I Belong Nowhere

The world never taught me how to sit with pain. No one showed me where to put it, how to carry it, or whether it was even meant to be carried at all. So I spent years trying to tuck it away—wedging it between the cracks of my ribs, pressing it deep beneath my skin, hiding it in the quietest corners of my mind. But grief has a way of seeping through, like water finding its way through even the smallest fractures.

When you lose the people who gave you life before you’ve had the chance to understand its weight, you are forced to relearn the world from scratch. You wake up in a life that no longer belongs to you, one that doesn’t resemble the one you were supposed to have. And everywhere you look, there are people with anchors—hands to hold, voices to call home. But for you, there is only open water. And the thing about water is that it never stays still. It shifts, bends, and molds itself into whatever shape it finds. I wish I knew how to do the same. I wish I understood how to exist in this fluid state without feeling like I’m dissolving into nothing.

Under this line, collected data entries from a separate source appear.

(* Let $c>0$ and $0<p\le 1$, and define the hybrid ordinary-$\ell_p$ (HOP) function $l_{p,c}:\mathbb{R}\to\mathbb{R}$ by $$l_{p,c}(x)=\begin{cases} x^2/2, & |x|\le c,\\ \frac{1}{p}c^{2-p}|x|^p+\frac{c^2}{2}-\frac{1}{p}c^2, & |x|>c.\end{cases}$$ Define the (extended-real-valued) implicit regularizer $\varphi_{p,c}(y)=\sup_{t\in\mathbb{R}}\big[l_{p,c}(t)-\tfrac{(t-y)^2}{2}\big]$. Then for every $x\in\mathbb{R}$, $$l_{p,c}(x)=\min_{y\in\mathbb{R}}\ \frac{(x-y)^2}{2}+\varphi_{p,c}(y),$$ and this minimum is attained uniquely at $$y^\star=P_{\varphi_{p,c}}(x):=\max\{0,\ |x|-c^{2-p}|x|^{p-1}\}\cdot\operatorname{sign}(x),$$ with the convention $P_{\varphi_{p,c}}(0)=0$.
   Context: $\operatorname{sign}(x)$ denotes the sign of $x$ (with $\operatorname{sign}(0)=0$). The function $l_{p,c}$ is continuously differentiable; for $p=1$ it is the Huber function. *)

From HB Require Import structures.
From mathcomp Require Import all_boot all_order all_algebra.
From mathcomp Require Import all_classical all_reals all_analysis.
Set Implicit Arguments. Unset Strict Implicit. Unset Printing Implicit Defensive.
Import Order.TTheory GRing.Theory Num.Theory.
Local Open Scope classical_set_scope.
Local Open Scope ring_scope.

Section HOP.
Variable R : realType.

Definition hop (p c x : R) : R :=
  if `|x| <= c then x ^+ 2 / 2
  else p^-1 * c `^ (2 - p) * `|x| `^ p + c ^+ 2 / 2 - p^-1 * c ^+ 2.

Definition hop_phi (p c y : R) : \bar R :=
  ereal_sup [set ((hop p c t - (t - y) ^+ 2 / 2)%:E) | t in [set: R]].

Definition hop_prox (p c x : R) : R :=
  if x == 0 then 0
  else Num.max 0 (`|x| - c `^ (2 - p) * `|x| `^ (p - 1)) * Num.sg x.
End HOP.

(* Since [hop t - (t - y)^2/2 = t y - y^2/2 - hop_defect t], the function
   [hop_phi y + y^2/2] is the Fenchel conjugate of [hop_defect], and the claim is
   the Fenchel-Young inequality with its equality case.  Moreover
   [hop_defect t = rad |t|], where [rad] vanishes on [[0, c]] and equals
   [s^2/2 - c^(2-p) s^p / p + const] beyond [c]: it is convex because [s^p] is
   concave, and C^1 with derivative [shrink].  Hence [hop_prox] is a subgradient
   of [hop_defect] everywhere, and, being continuous, the only one. *)

From HB Require Import structures.
From mathcomp Require Import all_boot all_order all_algebra.
From mathcomp Require Import all_classical all_reals all_analysis.
From mathcomp Require Import ring lra.
Import Order.TTheory GRing.Theory Num.Theory.
Import numFieldNormedType.Exports.
Set Implicit Arguments. Unset Strict Implicit. Unset Printing Implicit Defensive.
Local Open Scope classical_set_scope.
Local Open Scope ring_scope.

Section real_lemmas.
Context {R : realType}.
Implicit Types (p r s t u x y : R) (psi g : R -> R).

Lemma continuous_subgradient_unique psi g x y :
  (forall s t, psi s + g s * (t - s) <= psi t) -> {for x, continuous g} ->
  (forall t, psi x + y * (t - x) <= psi t) -> y = g x.
Proof.
move=> g_sub g_x y_sub.
have mono t : (y - g t) * (t - x) <= 0.
  by have := y_sub t; have := g_sub t x; rewrite mulrBl; lra.
apply/eqP; rewrite eq_le; apply/andP; split.
- apply: cvgr_to_ge (cvg_at_right_filter g_x) _; near=> t.
  have xt : x < t by near: t; exact: nbhs_right_gt.
  by have := mono t; rewrite pmulr_lle0 ?subr_gt0 // subr_le0.
- apply: cvgr_to_le (cvg_at_left_filter g_x) _; near=> t.
  have tx : t < x by near: t; exact: nbhs_left_lt.
  by have := mono t; rewrite nmulr_lle0 ?subr_lt0 // subr_ge0.
Unshelve. all: by end_near.
Qed.

Lemma powR_mul_natE u r s (n : nat) :
  0 < u -> r + s = n%:R -> u `^ r * u `^ s = u ^+ n.
Proof.
move=> u0 rs; rewrite -powRD; last by rewrite (gt_eqF u0) implybT.
by rewrite rs powR_mulrn // ltW.
Qed.

(* Concavity of [s |-> s `^ p]: Young's inequality with exponents [1/p] and
   [1/(1-p)] gives [s^p u^(1-p) <= p s + (1-p) u]. *)
Lemma powR_le_tangent p s u : 0 < p -> p <= 1 -> 0 <= s -> 0 < u ->
  s `^ p <= u `^ p + p * u `^ (p - 1) * (s - u).
Proof.
move=> p0 p1 s0 u0.
have [->|p_neq1] := eqVneq p 1.
  by rewrite subrr powRr0 !powRr1 ?(ltW u0) // !mul1r addrC subrK.
have q0 : 0 < 1 - p by rewrite subr_gt0 lt_neqAle p_neq1.
have := @conjugate_powR R (s `^ p) (u `^ (1 - p)) p^-1 (1 - p)^-1
  (powR_ge0 _ _) (powR_ge0 _ _).
rewrite !invr_gt0 => /(_ p0 q0).
rewrite !invrK -!powRrM !mulfV ?gt_eqF // !powRr1 ?(ltW u0) // subrKC.
move=> /(_ erefl) young.
have u_inv : u `^ (p - 1) * u `^ (1 - p) = 1.
  by rewrite (powR_mul_natE (n := 0)) //; ring.
have u_p : u `^ p = u `^ (p - 1) * u by rewrite mulrC mulr_powRB1 // ltW.
have -> : u `^ p + p * u `^ (p - 1) * (s - u) =
    u `^ (p - 1) * (s * p + u * (1 - p)) by rewrite u_p; ring.
have -> : s `^ p = u `^ (p - 1) * (s `^ p * u `^ (1 - p)).
  by rewrite mulrCA u_inv mulr1.
by rewrite ler_wpM2l // ltW // powR_gt0.
Qed.

Lemma sgr_mulrB_le x t : Num.sg x * (t - x) <= `|t| - `|x|.
Proof.
have := ler_norm t; have := ler_norm (- t); rewrite normrN.
have [x0|x0|->] := ltrgt0P x.
- by rewrite gtr0_sg //; lra.
- by rewrite ltr0_sg //; lra.
- by rewrite sgr0; lra.
Qed.

Lemma near_sgr x : x != 0 -> \forall t \near x, Num.sg t = Num.sg x.
Proof.
case: ltgtP => // x0 _; near=> t.
  have t0 : t < 0 by near: t; exact: lt_nbhsl.
  by rewrite !ltr0_sg.
have t0 : - t < 0 by near: t; apply: Nlt_nbhsl; rewrite oppr_lt0.
by rewrite !gtr0_sg // -oppr_lt0.
Unshelve. all: by end_near.
Qed.

End real_lemmas.

Section hop_defect.
Variables (R : realType) (p c : R).

Definition hop_defect (t : R) := t ^+ 2 / 2 - hop p c t.

Lemma hop_shift_le_iff t x y :
  hop p c t - (t - y) ^+ 2 / 2 <= hop p c x - (x - y) ^+ 2 / 2 <->
  hop_defect x + y * (t - x) <= hop_defect t.
Proof.
have shiftE z : z ^+ 2 / 2 - (z - y) ^+ 2 / 2 = z * y - y ^+ 2 / 2 by field.
by have := shiftE t; have := shiftE x; rewrite /hop_defect; split; lra.
Qed.

Hypotheses (c_gt0 : 0 < c) (p_gt0 : 0 < p) (p_le1 : p <= 1).

Let a := c `^ (2 - p).
Let tail s := s ^+ 2 / 2 - p^-1 * a * s `^ p - c ^+ 2 / 2 + p^-1 * c ^+ 2.
Let slope u := u - a * u `^ (p - 1).
Let shrink u := Num.max 0 (slope u).
Let rad s := if s <= c then 0 else tail s.

Lemma hop_defectE t : hop_defect t = rad `|t|.
Proof.
rewrite /hop_defect /hop /rad /tail; case: ifP => _; first by rewrite subrr.
by rewrite real_normK ?num_real // /a; ring.
Qed.

Lemma tail_c : tail c = 0.
Proof.
rewrite /tail -mulrA (powR_mul_natE (n := 2)) ?ltW //; first by ring.
by rewrite subrK.
Qed.

Lemma tail_tangent s u : 0 <= s -> 0 < u -> tail u + slope u * (s - u) <= tail s.
Proof.
move=> s0 u0; have := powR_le_tangent p_gt0 p_le1 s0 u0.
rewrite -subr_ge0 => concave.
have a_div_p : 0 <= p^-1 * a by rewrite mulr_ge0 ?invr_ge0 ?powR_ge0 ?ltW.
have gap : tail s - (tail u + slope u * (s - u)) =
  (s - u) ^+ 2 / 2 + p^-1 * a * (u `^ p + p * u `^ (p - 1) * (s - u) - s `^ p).
  by rewrite /tail /slope; field; exact: lt0r_neq0.
rewrite -subr_ge0 gap; apply: addr_ge0; last exact: mulr_ge0.
by rewrite divr_ge0 ?sqr_ge0.
Qed.

Lemma slopeE u : 0 < u -> slope u = (u `^ (2 - p) - a) * u `^ (p - 1).
Proof.
by move=> u0; rewrite mulrBl (powR_mul_natE (n := 1)) ?expr1 //; ring.
Qed.

Lemma ler_powR_2Bp u v : 0 <= u -> u <= v -> u `^ (2 - p) <= v `^ (2 - p).
Proof.
move=> u0 uv; apply: ge0_ler_powR; rewrite ?nnegrE ?(le_trans u0 uv) //.
by rewrite subr_ge0 (le_trans p_le1) // ler1n.
Qed.

Lemma shrink_eq0 u : 0 <= u -> u <= c -> shrink u = 0.
Proof.
move=> u0 uc; apply: max_l; have [u_gt0|u_le0] := ltP 0 u.
  by rewrite slopeE // pmulr_lle0 ?powR_gt0 // subr_le0 /a ler_powR_2Bp ?(ltW u_gt0).
have -> : u = 0 by apply/le_anti; rewrite u0 u_le0.
by rewrite /slope sub0r oppr_le0 mulr_ge0 ?powR_ge0 ?ltW.
Qed.

Lemma shrink_ge_c u : c <= u -> shrink u = slope u.
Proof.
move=> cu; have u0 := lt_le_trans c_gt0 cu; apply: max_r.
by rewrite slopeE // pmulr_lge0 ?powR_gt0 // subr_ge0 /a ler_powR_2Bp ?(ltW c_gt0).
Qed.

Lemma rad_tangent s u : 0 <= s -> 0 <= u -> rad u + shrink u * (s - u) <= rad s.
Proof.
move=> s0 u0.
have slope_c : slope c = 0 by rewrite -shrink_ge_c // shrink_eq0 // ltW.
have rad_ge0 : 0 <= rad s.
  rewrite /rad; case: ifP => // _.
  by have := tail_tangent s0 c_gt0; rewrite slope_c mul0r addr0 tail_c.
have rad_gt_c v : c < v -> rad v = tail v by rewrite /rad leNgt => ->.
have [uc|cu] := leP u c; first by rewrite shrink_eq0 // /rad uc mul0r addr0.
have u_gt0 := lt_trans c_gt0 cu.
have slope_u : 0 <= slope u by rewrite -shrink_ge_c ?(ltW cu) // le_max lexx.
rewrite shrink_ge_c ?(ltW cu) // rad_gt_c //.
have [sc|cs] := leP s c; last by rewrite rad_gt_c //; exact: tail_tangent.
have := tail_tangent (ltW c_gt0) u_gt0; rewrite tail_c /rad sc.
by apply: le_trans; rewrite lerD2l ler_wpM2l ?lerD2r.
Qed.

Lemma hop_proxE x : hop_prox p c x = shrink `|x| * Num.sg x.
Proof. by rewrite /hop_prox; have [->|] := eqVneq x 0; rewrite ?sgr0 ?mulr0. Qed.

Lemma hop_prox_subgradient x t :
  hop_defect x + hop_prox p c x * (t - x) <= hop_defect t.
Proof.
rewrite !hop_defectE hop_proxE.
apply: le_trans (rad_tangent (normr_ge0 t) (normr_ge0 x)).
by rewrite lerD2l -mulrA ler_wpM2l ?le_max ?lexx ?sgr_mulrB_le.
Qed.

Lemma shrink_continuous u : 0 < u -> {for u, continuous shrink}.
Proof.
move=> u0; apply: continuous_max; first exact: cst_continuous.
apply: differentiable_continuous; apply: differentiableB => //.
apply: differentiableM => //; apply/derivable1_diffP.
by apply: derivable_powR; rewrite in_itv /= andbT.
Qed.

Lemma hop_prox_near0 : \forall t \near (0 : R), hop_prox p c t = 0.
Proof.
near=> t; have tc : `|t| < c by near: t; exact: (@nbhs0_lt _ R^o).
by rewrite hop_proxE shrink_eq0 ?mul0r // ltW.
Unshelve. all: by end_near.
Qed.

Lemma hop_prox_continuous : continuous (hop_prox p c).
Proof.
move=> x; have [->|x0] := eqVneq x 0.
  apply: cvg_near_cst; apply: filterS hop_prox_near0 => t ->.
  by rewrite hop_proxE sgr0 mulr0.
have proxE : {near x, (fun t => shrink `|t| * Num.sg x) =1 hop_prox p c}.
  by apply: filterS (near_sgr x0) => t sgt; rewrite hop_proxE sgt.
apply: cvg_trans (near_eq_cvg proxE) _; rewrite hop_proxE.
apply: cvgMl; apply: (continuous_comp (@norm_continuous _ R^o x)).
by apply: shrink_continuous; rewrite normr_gt0.
Qed.

End hop_defect.

Section hop_phi.
Variables (R : realType) (p c : R).
Hypotheses (c_gt0 : 0 < c) (p_gt0 : 0 < p) (p_le1 : p <= 1).

Lemma hop_phi_ge y t : ((hop p c t - (t - y) ^+ 2 / 2)%:E <= hop_phi p c y)%E.
Proof. by apply: ereal_sup_ubound; exists t. Qed.

Lemma hop_phi_prox x :
  hop_phi p c (hop_prox p c x) = (hop p c x - (x - hop_prox p c x) ^+ 2 / 2)%:E.
Proof.
apply/le_anti/andP; split; last exact: hop_phi_ge.
apply: ge_ereal_sup => _ [t _ <-]; rewrite lee_fin.
exact/hop_shift_le_iff/hop_prox_subgradient.
Qed.

Lemma hop_shift_argmax x y :
  (forall t, hop p c t - (t - y) ^+ 2 / 2 <= hop p c x - (x - y) ^+ 2 / 2) ->
  y = hop_prox p c x.
Proof.
move=> y_max; apply: continuous_subgradient_unique.
- exact: hop_prox_subgradient.
- exact: hop_prox_continuous.
- by move=> t; apply/hop_shift_le_iff.
Qed.

End hop_phi.

Theorem mainTheorem1 (R : realType) (p c : R) (hc : 0 < c) (hp0 : 0 < p) (hp1 : p <= 1)
  (x : R) :
  (forall y : R, ((hop p c x)%:E <= ((x - y) ^+ 2 / 2)%:E + hop_phi p c y)%E) /\
  (((x - hop_prox p c x) ^+ 2 / 2)%:E + hop_phi p c (hop_prox p c x) = (hop p c x)%:E)%E /\
  (forall y : R, (((x - y) ^+ 2 / 2)%:E + hop_phi p c y = (hop p c x)%:E)%E ->
     y = hop_prox p c x).
Proof.
split; [|split].
- move=> y; apply: le_trans (leeD2l _ (hop_phi_ge p c y x)).
  by rewrite -EFinD lee_fin addrC subrK.
- by rewrite hop_phi_prox // -EFinD addrC subrK.
- move=> y min_y; apply: hop_shift_argmax => // t.
  have := leeD2l ((x - y) ^+ 2 / 2)%:E (hop_phi_ge p c y t).
  by rewrite min_y -EFinD lee_fin; lra.
Qed.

Some days, I feel like I am made of these images—fragmented, without horizon, without certainty. No solid ground beneath me, no direction forward. Just the quiet, aching stretch of the unknown. A vastness so endless it threatens to swallow me whole. There is an emptiness in my chest that echoes, a hollow sound against walls that no longer feel like home. And in a world so wide, so filled with people, I feel like I belong nowhere at all.